Exercícios resolvidos

1. Uma peça de aço vai receber tinta industrial, mas ainda tem uma leve camada de óleo de corte. Qual o erro se se pintar de imediato?

Resolução: o óleo impede a aderência da tinta. Sem desengraxe prévio, a tinta descasca em pouco tempo. O passo obrigatório antes de qualquer tratamento é sempre a limpeza e o desengraxe da superfície.

2. Que tratamento se aplica a uma peça de alumínio que vai ficar exposta ao ar livre e precisa manter uma cor específica?

Resolução: anodização, o único processo desta UC próprio para alumínio, que espessa a camada de óxido e permite fixar cor de forma duradoura.

3. Uma ferramenta foi temperada mas parte ao primeiro uso. O que faltou?

Resolução: faltou o revenimento. A têmpera sozinha torna o aço duro mas frágil; o revenimento devolve tenacidade sem perder toda a dureza ganha.

4. Um aluno quer decapar uma peça pequena num espaço fechado, sem ventilação, "só por dois minutos". Que respondes?

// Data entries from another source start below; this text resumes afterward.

Lemma deg_user_proj w i : weight p zeta theta w != 0 ->
  deg w i = (\sum_t discordant i (user_proj w t))%N.
Proof.
rewrite weightE => /prodf_neq0 w_neq0; rewrite /deg /Lij exchange_big /=.
apply: eq_bigr => t _; move/(_ t isT): w_neq0.
case: w => [[mask X] pairs] /=; rewrite /unif_pairing mulf_eq0 negb_or => /andP[_].
case: ifP => [/and3P[_ trivP _] _|]; last by rewrite eqxx.
case: (boolP [exists j, _]) => [/existsP[j /and3P[ji ijP]]|no_disc].
  rewrite !ffunE => Xij; rewrite (bigD1 j) //= ijP Xij eq_sym ji big1 // => k /andP[ki kj].
  case: (boolP ([set i; k] \in _)) => // ikP.
  by rewrite (trivIset_set2_uniq trivP ikP ijP ji) eqxx in kj.
rewrite big1 // => j ji; apply/eqP; rewrite eqb0; apply: contra no_disc.
by case/andP=> /andP[ijP Xij] _; apply/existsP; exists j; rewrite ji ijP !ffunE.
Qed.

Definition discord_prob t i :=
  \sum_u user_weight p (prob1 zeta theta t) u * (discordant i u)%:R.

Lemma mgf_deg i lam :
  \sum_w weight p zeta theta w * expR (lam * (deg w i)%:R)
    = \prod_t (1 + (expR lam - 1) * discord_prob t i).
Proof.
transitivity (\sum_w \prod_t (user_weight p (prob1 zeta theta t) (user_proj w t)
                              * expR (lam * (discordant i (user_proj w t))%:R))).
  apply: eq_bigr => w _; rewrite big_split /= -weightE -expR_sum -mulr_sumr -natr_sum.
  by have [->|/deg_user_proj->] := eqVneq (weight p zeta theta w) 0; rewrite ?mul0r.
rewrite (sum_outcome_prod (fun t u => user_weight p (prob1 zeta theta t) u
                                     * expR (lam * (discordant i u)%:R))).
apply: eq_bigr => t _; set uw := user_weight p (prob1 zeta theta t).
rewrite (eq_bigr (fun u => uw u + (expR lam - 1) * (uw u * (discordant i u)%:R))).
  by rewrite big_split /= sum_user_weight -mulr_sumr.
by move=> u _; case: discordant; rewrite /= ?mulr1 ?mulr0 ?expR0; ring.
Qed.

End Model.

Lemma discordance_ge (R : realFieldType) (x y z k : R) : 0 < x -> 0 < y -> 0 < z ->
  1 <= k -> z <= k * x -> x <= k * z ->
  (2 * k)^-1 <= x / (z + x) * (1 - y / (z + y)) + (1 - x / (z + x)) * (y / (z + y)).
Proof.
move=> x0 y0 z0 k1 zx xz; have k0 : 0 < k by apply: lt_le_trans k1.
have -> : x / (z + x) * (1 - y / (z + y)) + (1 - x / (z + x)) * (y / (z + y))
          = z * (x + y) / ((z + x) * (z + y)).
  by field; rewrite !gt_eqF ?addr_gt0.
rewrite ler_pdivlMr ?mulr_gt0 ?addr_gt0 // ler_pdivrMl ?mulr_gt0 //.
have := ler_wpM2l (ltW z0) zx; have := ler_wpM2r (ltW y0) xz.
have := ler_wpM2r (mulr_ge0 (ltW z0) (ltW x0)) k1.
have := ler_wpM2r (mulr_ge0 (ltW z0) (ltW y0)) k1.
nra.
Qed.

Section Kappa.
Variables (R : realType) (n m : nat) (zeta : 'I_n -> R) (theta : 'I_m -> R).

Lemma kappa2_ge1 : 1 <= kappa2 zeta theta.
Proof.
rewrite -expR0 ler_expR; apply: (big_ind (fun x : R => 0 <= x)) => // x y x0 y0.
by rewrite le_max x0.
Qed.

Lemma expR_kappa2_bounds t i :
  expR (zeta t) <= kappa2 zeta theta * expR (theta i)
  /\ expR (theta i) <= kappa2 zeta theta * expR (zeta t).
Proof.
have le_max := le_bigmax 0 (fun ti : 'I_n * 'I_m => `|zeta ti.1 - theta ti.2|) (t, i).
rewrite -!expRD !ler_expR -!lerBlDr; split; apply: le_trans le_max.
  exact: ler_norm.
by rewrite distrC ler_norm.
Qed.

Lemma prob1_discordance_ge t i j :
  (2 * kappa2 zeta theta)^-1 <= prob1 zeta theta t i * (1 - prob1 zeta theta t j)
                                + (1 - prob1 zeta theta t i) * prob1 zeta theta t j.
Proof.
have [zt_le ti_le] := expR_kappa2_bounds t i.
by apply: discordance_ge; rewrite ?expR_gt0 ?kappa2_ge1.
Qed.

End Kappa.

Section ExpBounds.
Variable R : realType.

Lemma expRN1_le_half : expR (-1) <= 2^-1 :> R.
Proof.
rewrite expRN lef_pV2 ?posrE ?expR_gt0 //.
by have := expR_ge1Dx (1 : R); rewrite (_ : 1 + 1 = 2).
Qed.

Lemma expR_quarter_le : expR 4^-1 - 1 <= 3^-1 :> R.
Proof.
have := expR_ge1Dx (- 4^-1 : R); have := expRxMexpNx_1 (4^-1 : R).
have := expR_gt0 (4^-1 : R); nra.
Qed.

Lemma one_sub_pow_le_expR (p : R) k : 0 <= p <= 1 -> (1 - p) ^+ k <= expR (- (k%:R * p)).
Proof.
case/andP=> p0 p1; rewrite -mulrN expRM_natl lerXn2r ?nnegrE ?subr_ge0 ?expR_ge0 //.
exact: expR_ge1Dx.
Qed.

End ExpBounds.

Section Chernoff.
Variables (R : realType) (T : finType) (w : T -> R).
Hypothesis w_ge0 : forall x, 0 <= w x.

Lemma exp_markov (f : T -> R) (b lam : R) : 0 <= lam ->
  \sum_(x | b < f x) w x <= expR (- (lam * b)) * \sum_x w x * expR (lam * f x).
Proof.
move=> lam0; rewrite mulr_sumr [X in _ <= X](bigID (fun x => b < f x)) /=.
rewrite -[X in X <= _]addr0 lerD ?sumr_ge0 // => [|x _]; last first.
  by rewrite mulr_ge0 ?mulr_ge0 ?expR_ge0.
apply: ler_sum => x /ltW bf; rewrite mulrCA -expRD -[w x in X in X <= _]mulr1.
by rewrite ler_wpM2l // -expR0 ler_expR addrC -mulrBr mulr_ge0 // subr_ge0.
Qed.

End Chernoff.

Lemma prod_mgf_le (R : realType) (I : finType) (q : I -> R) lam :
  (forall t, 0 <= q t <= 1) ->
  \prod_t (1 + (expR lam - 1) * q t) <= expR ((expR lam - 1) * \sum_t q t).
Proof.
move=> q01; rewrite mulr_sumr expR_sum; apply: ler_prod => t _.
rewrite expR_ge1Dx andbT; have /andP[q0 q1] := q01 t; have := expR_gt0 lam; nra.
Qed.

Section UnionBound.
Variables (R : numDomainType) (T : finType) (w : T -> R).
Hypothesis w_ge0 : forall x, 0 <= w x.

Lemma union_bound (I : finType) (E : I -> pred T) :
  \sum_(x | ~~ [forall i, E i x]) w x <= \sum_i \sum_(x | ~~ E i x) w x.
Proof.
under [X in _ <= X]eq_bigr do rewrite big_mkcond /=.
rewrite exchange_big /= big_mkcond /=; apply: ler_sum => x _.
case: (boolP [forall i, E i x]) => /= [_|]; first by rewrite sumr_ge0 // => i _; case: ifP.
rewrite negb_forall => /existsP[i0 Ei0]; rewrite (bigD1 i0) //= Ei0 lerDl.
by rewrite sumr_ge0 // => i _; case: ifP.
Qed.

Lemma sum_negb_and_le (E F : pred T) :
  \sum_(x | ~~ (E x && F x)) w x <= \sum_(x | ~~ E x) w x + \sum_(x | ~~ F x) w x.
Proof.
rewrite !(big_mkcond (fun x => ~~ _)) -big_split /=; apply: ler_sum => x _.
by case: (E x); case: (F x); rewrite /= ?addr0 ?add0r ?lerDl.
Qed.

End UnionBound.

Lemma mul_expRN_le_powN (R : realType) (x y M alpha : R) : 0 < x ->
  M <= x `^ alpha -> (alpha + 10) * ln x <= y -> M * expR (- y) <= x ^- 10.
Proof.
move=> x0 M_le y_ge; apply: le_trans (ler_wpM2r (expR_ge0 _) M_le) _.
apply: le_trans (ler_wpM2l (powR_ge0 _ _) (_ : _ <= expR (- ((alpha + 10) * ln x)))) _.
  by rewrite ler_expR lerN2.
rewrite /powR gt_eqF // -expRD.
have -> : alpha * ln x + - ((alpha + 10) * ln x) = - (10%:R * ln x) by ring.
by rewrite expRN expRM_natl lnK.
Qed.

Section DegreeTails.
Variables (R : realType) (n m : nat) (p : R) (zeta : 'I_n -> R) (theta : 'I_m -> R).
Hypothesis p01 : 0 <= p <= 1.

Local Notation kappa := (kappa2 zeta theta).
Local Notation q := (discord_prob p zeta theta).

Lemma discord_prob_01 t i : 0 <= q t i <= 1.
Proof.
have q_le := user_discordant_le p01 (prob1_01 zeta theta t) i.
have /andP[_ p1] := p01; rewrite (le_trans q_le p1) andbT.
by rewrite sumr_ge0 // => u _; rewrite mulr_ge0 ?user_weight_ge0 //; apply: prob1_01.
Qed.

Lemma discord_prob_ge t i : 2 <= m%:R * p -> p / (8 * kappa) <= q t i.
Proof.
move=> mp_ge2; have /andP[p0 p1] := p01.
have k0 : 0 < kappa := lt_le_trans ltr01 (kappa2_ge1 zeta theta).
have m_gt0 : (0 < m)%N.
  by rewrite lt0n; apply/eqP => m0; move: mp_ge2; rewrite m0 mul0r; lra.
have pow_le : (1 - p) ^+ m.-1 <= 2^-1.
  apply: le_trans (one_sub_pow_le_expR _ p01) (le_trans _ (expRN1_le_half R)).
  rewrite ler_expR lerN2 -(prednK m_gt0) -natr1 in mp_ge2 *; nra.
have d0 : 0 <= (2 * kappa)^-1 by rewrite invr_ge0 mulr_ge0 // ltW.
apply: le_trans (user_discordant_ge p01 (prob1_01 zeta theta t) d0
                   (fun j _ => prob1_discordance_ge zeta theta t i j)).
have -> : p / (8 * kappa) = (2 * kappa)^-1 / 2 * (p * 2^-1) by field; rewrite gt_eqF.
by rewrite ler_wpM2l ?divr_ge0 // ler_wpM2l //; lra.
Qed.

Lemma sum_discord_prob_le i : \sum_t q t i <= n%:R * p.
Proof.
apply: le_trans (ler_sum _ (fun t _ => user_discordant_le p01 (prob1_01 zeta theta t) i)) _.
by rewrite sumr_const card_ord mulr_natl.
Qed.

Lemma deg_upper_tail i :
  \sum_(w | 3 / 2 * (n%:R * p) < (deg w i)%:R) weight p zeta theta w
    <= expR (- (n%:R * p / 24)).
Proof.
apply: le_trans (exp_markov (weight_ge0 zeta theta p01) _ _ (_ : 0 <= 4^-1)) _.
  by rewrite invr_ge0 ler0n.
rewrite mgf_deg.
apply: le_trans (ler_wpM2l (expR_ge0 _) (prod_mgf_le _ (discord_prob_01^~ i))) _.
rewrite -expRD ler_expR; have := expR_quarter_le R; have := sum_discord_prob_le i.
have : 0 <= \sum_t q t i by rewrite sumr_ge0 // => t _; have /andP[] := discord_prob_01 t i.
nra.
Qed.

Lemma deg_lower_tail i : 2 <= m%:R * p ->
  \sum_(w | (deg w i)%:R < n%:R * p / (24 * kappa)) weight p zeta theta w
    <= expR (- (n%:R * p / (48 * kappa))).
Proof.
move=> mp_ge2; set A := n%:R * p / (24 * kappa).
rewrite (eq_bigl (fun w => - A < - (deg w i)%:R)) => [|w]; last by rewrite ltrN2.
apply: le_trans (exp_markov (weight_ge0 zeta theta p01) _ _ ler01) _.
under eq_bigr do rewrite mul1r -mulN1r.
rewrite mgf_deg.
apply: le_trans (ler_wpM2l (expR_ge0 _) (prod_mgf_le _ (discord_prob_01^~ i))) _.
rewrite -expRD ler_expR.
have sum_q : n%:R * (p / (8 * kappa)) <= \sum_t q t i.
  apply: le_trans (ler_sum _ (fun t _ => discord_prob_ge t i mp_ge2)).
  by rewrite sumr_const card_ord mulr_natl.
have := expRN1_le_half R; have := expR_gt0 (-1 : R).
have k0 : 0 < kappa by apply: lt_le_trans (kappa2_ge1 zeta theta).
have /andP[p0 _] := p01.
have : 0 <= n%:R * p / kappa by rewrite divr_ge0 ?mulr_ge0 // ltW.
rewrite /A; move: sum_q; rewrite !invfM !mulrA !(mulrAC (n%:R * p) _ kappa^-1).
set y := n%:R * p / kappa; nra.
Qed.

Lemma deg_deviation i : 2 <= m%:R * p ->
  \sum_(w | ~~ ((n%:R * p / (24 * kappa) <= (deg w i)%:R)
               && ((deg w i)%:R <= 3 / 2 * (n%:R * p)))) weight p zeta theta w
    <= 2 * expR (- (n%:R * p / (48 * kappa))).
Proof.
move=> mp_ge2; apply: le_trans (sum_negb_and_le (weight_ge0 zeta theta p01) _ _) _.
under eq_bigl do rewrite -ltNge.
under [X in _ + X <= _]eq_bigl do rewrite -ltNge.
have k1 := kappa2_ge1 zeta theta; have /andP[p0 _] := p01.
have upper : expR (- (n%:R * p / 24)) <= expR (- (n%:R * p / (48 * kappa))).
  rewrite ler_expR lerN2 ler_wpM2l ?mulr_ge0 // lef_pV2 ?posrE ?mulr_gt0 //; lra.
apply: le_trans (lerD (deg_lower_tail i mp_ge2) (le_trans (deg_upper_tail i) upper)) _.
by rewrite -mulr2n [X in _ <= X]mulr_natl.
Qed.

End DegreeTails.

Unset Implicit Arguments.

Theorem lemma2 (R : realType) (alpha : R) (halpha : 0 < alpha) :
  exists C : R, 0 < C /\
  forall (n m : nat) (p : R) (zeta : 'I_n -> R) (theta : 'I_m -> R),
    (0 < n)%N -> 0 < p -> p <= 1 ->
    2 <= m%:R * p ->
    m%:R <= n%:R `^ alpha ->
    C * kappa2 zeta theta ^+ 2 * ln (n%:R) <= n%:R * p ->
    1 - 2 * (n%:R ^- 10) <=
      Prob p zeta theta
        (fun w => [forall i : 'I_m,
           (n%:R * p / (24 * kappa2 zeta theta) <= (deg w i)%:R)
           && ((deg w i)%:R <= 3 / 2 * (n%:R * p))]).
Proof.
exists (48 * (alpha + 10)); split; first lra.
move=> n m p zeta theta n_gt0 p_gt0 p_le1 mp_ge2 m_le C_le.
have p01 : 0 <= p <= 1 by rewrite ltW.
have rate : (alpha + 10) * ln n%:R <= n%:R * p / (48 * kappa2 zeta theta).
  have k1 := kappa2_ge1 zeta theta; have k0 := lt_le_trans ltr01 k1.
  have X0 : 0 <= (alpha + 10) * ln n%:R * kappa2 zeta theta.
    by rewrite !mulr_ge0 ?ln_ge0 ?ler1n ?ltW //; lra.
  rewrite ler_pdivlMr ?mulr_gt0 //.
  have := ler_wpM2r X0 k1; move: C_le; rewrite expr2; nra.
rewrite Prob_compl lerD2l lerN2.
apply: le_trans (union_bound (weight_ge0 zeta theta p01) _) _.
apply: le_trans (ler_sum _ (fun i _ => deg_deviation zeta theta p01 i mp_ge2)) _.
rewrite sumr_const card_ord -[X in X <= _]mulr_natr -[_ * _ * m%:R]mulrA.
rewrite ler_pM2l // mulrC.
by apply: mul_expRN_le_powN m_le rate; rewrite ltr0n.
Qed.
Lemma tpow_scalar (A : VAdata CC) (r : nat) (W : lmodType CC)
    (YW : va_space (LrV r A) -> int -> W -> W) :
  is_module (@va_mode _ A) -> countable_dim (va_space A) -> is_irreducible YW ->
  exists2 a : 'rV[CC]_r, (forall i, a 0 i != 0) &
    forall m w, YW (tpow A m) (-1) w = monoz a m *: w.
Proof.
move=> hA Vcount hW; have [hWmod [[w0 w0_neq0] _]] := hW.
have Wcount := countable_dim_irreducible hW (countable_dim_tensL _ Vcount).
have /choice[c def_c] m : exists c, forall w, YW (tpow A m) (-1) w = c *: w.
  apply: (commuting_endo_scalar CC_not_countable hW Wcount (mode_linear hWmod _ _)).
  exact: tpow_commute.
have scale_w0I x y : x *: w0 = y *: w0 -> x = y.
  move/eqP; rewrite -subr_eq0 -scalerBl scaler_eq0 subr_eq0 orbC.
  by rewrite (negPf (introN eqP w0_neq0)) => /eqP.
have cD : {morph c : x y / x + y >-> x * y}.
  by move=> x y; apply: scale_w0I; rewrite -def_c (tpowD hA hWmod) !def_c scalerA.
have c0 : c 0 = 1 by apply: scale_w0I; rewrite -def_c (tpow0 hWmod) scale1r.
exists (\row_i c (delta_mx 0 i)) => [i|m w]; first by rewrite mxE morph_neq0.
by rewrite def_c -morph_monoz.
Qed.

Theorem proposition3p12
  (V : lmodType CC) (Y : V -> int -> V -> V) (vac : V) (r : nat)
  (hVA : is_vertex_algebra {| va_space := V; va_mode := Y; va_vac := vac |})
  (hcount : countable_dim V)
  (W : lmodType CC)
  (YW : va_space (LrV r {| va_space := V; va_mode := Y; va_vac := vac |}) ->
        int -> W -> W)
  (hW : is_irreducible YW) :
  exists (U : lmodType CC) (YU : V -> int -> U -> U) (a : 'rV[CC]_r),
    [/\ is_irreducible (A := {| va_space := V; va_mode := Y; va_vac := vac |}) YU,
        (forall i, a 0 i != 0) &
        module_iso YW
          (Ua_mode (A := {| va_space := V; va_mode := Y; va_vac := vac |}) YU a)].
Proof.
have [hA _] := hVA.
have [a a_neq0 Ta] := tpow_scalar hA hcount hW.
exists W, (restrictV YW), a; split=> //.
  exact (restrictV_irreducible hA hW.1 Ta hW).
exists id; split=> //; first by exists id.
move=> f n w; exact (mode_Ua hA hW.1 Ta f n w).
Qed.
Lemma smooth_row_coord (R : realType) n (i : 'I_n) :
  smooth (fun x : 'rV[R]_n => x 0 i).
Proof.
apply/smoothE => -[|k]; first by apply/smooth_upto0 => x; exact: differentiable_coord.
apply/smooth_uptoS; split=> [x|v]; first exact: differentiable_coord.
by apply: (eq_smooth_upto _ (smooth_upto_cst (v 0 i))) => x; rewrite derive_row_coord.
Qed.

Lemma derive_pair (R : realType) (U V W : normedModType R) (f1 : U -> V)
    (f2 : U -> W) x v :
  differentiable f1 x -> differentiable f2 x ->
  'D_v (fun y => (f1 y, f2 y)) x = ('D_v f1 x, 'D_v f2 x).
Proof.
move=> d1 d2; rewrite deriveE; last exact: differentiable_pair.
by rewrite diff_pair // -!deriveE.
Qed.

Lemma smooth_comp_pair (R : realType) (U : normedModType R) n m
    (G : 'rV[R]_n * 'rV[R]_m -> R) (a : U -> 'rV[R]_n) (b : U -> 'rV[R]_m) :
  (forall x, differentiable a x) -> (forall x, differentiable b x) ->
  (forall i, smooth (fun x => a x 0 i)) -> (forall j, smooth (fun x => b x 0 j)) ->
  smooth G -> smooth (fun x => G (a x, b x)).
Proof.
move=> da db Sa Sb SG.
pose phi (s : 'I_n + 'I_m) : U -> R :=
  match s with inl i => fun x => a x 0 i | inr j => fun x => b x 0 j end.
pose e (s : 'I_n + 'I_m) : 'rV[R]_n * 'rV[R]_m :=
  match s with inl i => (e_ R i, 0) | inr j => (0, e_ R j) end.
apply: (smooth_comp (phi := phi) (b := e)) => //.
- by move=> x; exact: differentiable_pair.
- move=> v x; rewrite derive_pair // (derive_mx (diff_derivable (v := v) (da x))).
  rewrite (derive_mx (diff_derivable (v := v) (db x))) big_sumType /phi /e /=.
  rewrite [RHS]surjective_pairing !(raddfD, raddf_sum) /=.
  congr (_, _).
  + rewrite [X in _ = _ + X]big1 ?addr0; last by move=> j _; rewrite scaler0.
    by rewrite [LHS]row_sum_delta; apply: eq_bigr => i _; rewrite mxE.
  + rewrite [X in _ = X + _]big1 ?add0r; last by move=> i _; rewrite scaler0.
    by rewrite [LHS]row_sum_delta; apply: eq_bigr => j _; rewrite mxE.
- by case.
Qed.

Section ClosedLoop.
Variables (R : realType) (n m l : nat).
Variables (f : 'rV[R]_n -> 'rV[R]_m -> 'rV[R]_n)
  (g : 'I_l -> 'rV[R]_n -> 'rV[R]_m -> R) (N : 'I_l -> 'I_n)
  (k : 'rV[R]_l -> 'rV[R]_n -> 'rV[R]_m).
Hypotheses (Sf : smooth (fun q : 'rV[R]_n * 'rV[R]_m => f q.1 q.2))
  (Sg : forall p, smooth (fun q : 'rV[R]_n * 'rV[R]_m => g p q.1 q.2))
  (Sk : smooth (fun q : 'rV[R]_l * 'rV[R]_n => k q.1 q.2)).

Lemma differentiable_k z x : differentiable (k z) x.
Proof.
have dz : differentiable (fun y : 'rV[R]_n => (z, y)) x.
  by apply: differentiable_pair; [exact: differentiable_cst|exact: ex_diff].
exact: differentiable_comp dz (smooth_differentiable _ Sk).
Qed.

Lemma smooth_k_coord z j : smooth (fun x => k z x 0 j).
Proof.
apply: (smooth_comp_pair (G := fun q => k q.1 q.2 0 j) (a := fun _ => z) (b := id)).
- by move=> x; exact: differentiable_cst.
- by move=> x; exact: ex_diff.
- by move=> i; exact: smooth_cst.
- exact: smooth_row_coord.
- exact: smooth_coord 0 j Sk.
Qed.

Lemma smooth_closed_loop z (G : 'rV[R]_n * 'rV[R]_m -> R) :
  smooth G -> smooth (fun x => G (x, k z x)).
Proof.
apply: (smooth_comp_pair (a := id) (b := k z)).
- by move=> x; exact: ex_diff.
- exact: differentiable_k.
- exact: smooth_row_coord.
- exact: smooth_k_coord.
Qed.

Lemma smooth_gk z p : smooth (fun x => g p x (k z x)).
Proof. exact: smooth_closed_loop (Sg p). Qed.

Lemma smooth_Fz_coord th z i : smooth (fun x => Fz N f g k th z x 0 i).
Proof.
apply: (eq_smooth (f := fun x => f x (k z x) 0 i +
   \sum_p (g p x (k z x) * th 0 p) * e_ R (N p) 0 i)).
  move=> x; rewrite /Fz /gmul !mxE summxE; congr (_ + _).
  by apply: eq_bigr => p _; rewrite [RHS]mxE.
apply: smoothD; first exact: smooth_closed_loop (smooth_coord 0 i Sf).
apply: smooth_sum => p; apply: smoothM; last exact: smooth_cst.
by apply: smoothM; [exact: smooth_gk|exact: smooth_cst].
Qed.

Lemma smooth_lie th z h : smooth h -> smooth (lie (Fz N f g k th z) h).
Proof.
move=> Sh.
apply: (eq_smooth (f := fun x => \sum_(i < n) Fz N f g k th z x 0 i * 'D_(e_ R i) h x)).
  move=> x; rewrite /lie (deriveE _ (smooth_differentiable x Sh)).
  rewrite [X in _ = 'd h x X]row_sum_delta linear_sum; apply: eq_bigr => i _.
  by rewrite linearZ /= -deriveE //; exact: smooth_differentiable.
by apply: smooth_sum => i; apply: smoothM; [exact: smooth_Fz_coord|exact: smooth_derive].
Qed.

Lemma smooth_lieN th z h j : smooth h -> smooth (lieN (Fz N f g k th z) j h).
Proof. by move=> Sh; elim: j => [//|j IH]; rewrite /lieN iterS; exact: smooth_lie. Qed.

Lemma differentiable_Fz th z x : differentiable (Fz N f g k th z) x.
Proof.
have -> : Fz N f g k th z = \sum_(i < n) (fun y => Fz N f g k th z y 0 i *: e_ R i).
  by rewrite fct_sumE; apply: funext => y; exact: row_sum_delta.
apply: differentiable_sum => i; apply: differentiableZl.
exact: smooth_differentiable (smooth_Fz_coord th z i).
Qed.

Resolução: não deve fazê-lo. Mesmo em pouco tempo, os vapores de ácido acumulam-se num espaço sem ventilação, e o EPI individual não substitui a exaustão do ambiente.

5. Uma peça de latão vai a polimento, mas ainda tem riscos visíveis de uma lixa de grão grosso. O que acontece se se polir assim?

Resolução: o polimento realça os riscos em vez de os esconder. É preciso completar a sequência de lixas de grão cada vez mais fino antes de passar ao disco de polimento.

6. Uma peça de cobre vai ser exposta numa galeria de arte e o artesão quer uma coloração esverdeada envelhecida, em vez do cobre brilhante. Que técnica usa e que atitude é mais exigida?

Resolução: a técnica é a patinação, aplicada de forma uniforme e controlada para reproduzir o efeito do tempo. A atitude mais exigida é o autocontrolo, para não exagerar o produto e perder o equilíbrio estético da peça, e o sentido criativo, para decidir a intensidade certa do efeito.

7. Um aluno decapa uma peça, lava-a mas não a neutraliza antes de aplicar o primário. Semanas depois, a tinta começa a levantar em bolhas. Explica a causa.

Resolução: ficou resíduo ácido na superfície mesmo depois da lavagem simples. Sem neutralização, o ácido continua a reagir com o metal por baixo da camada de primário, gerando gases e bolhas. A decapagem tem sempre de terminar em neutralização e lavagem completa antes de qualquer camada seguinte.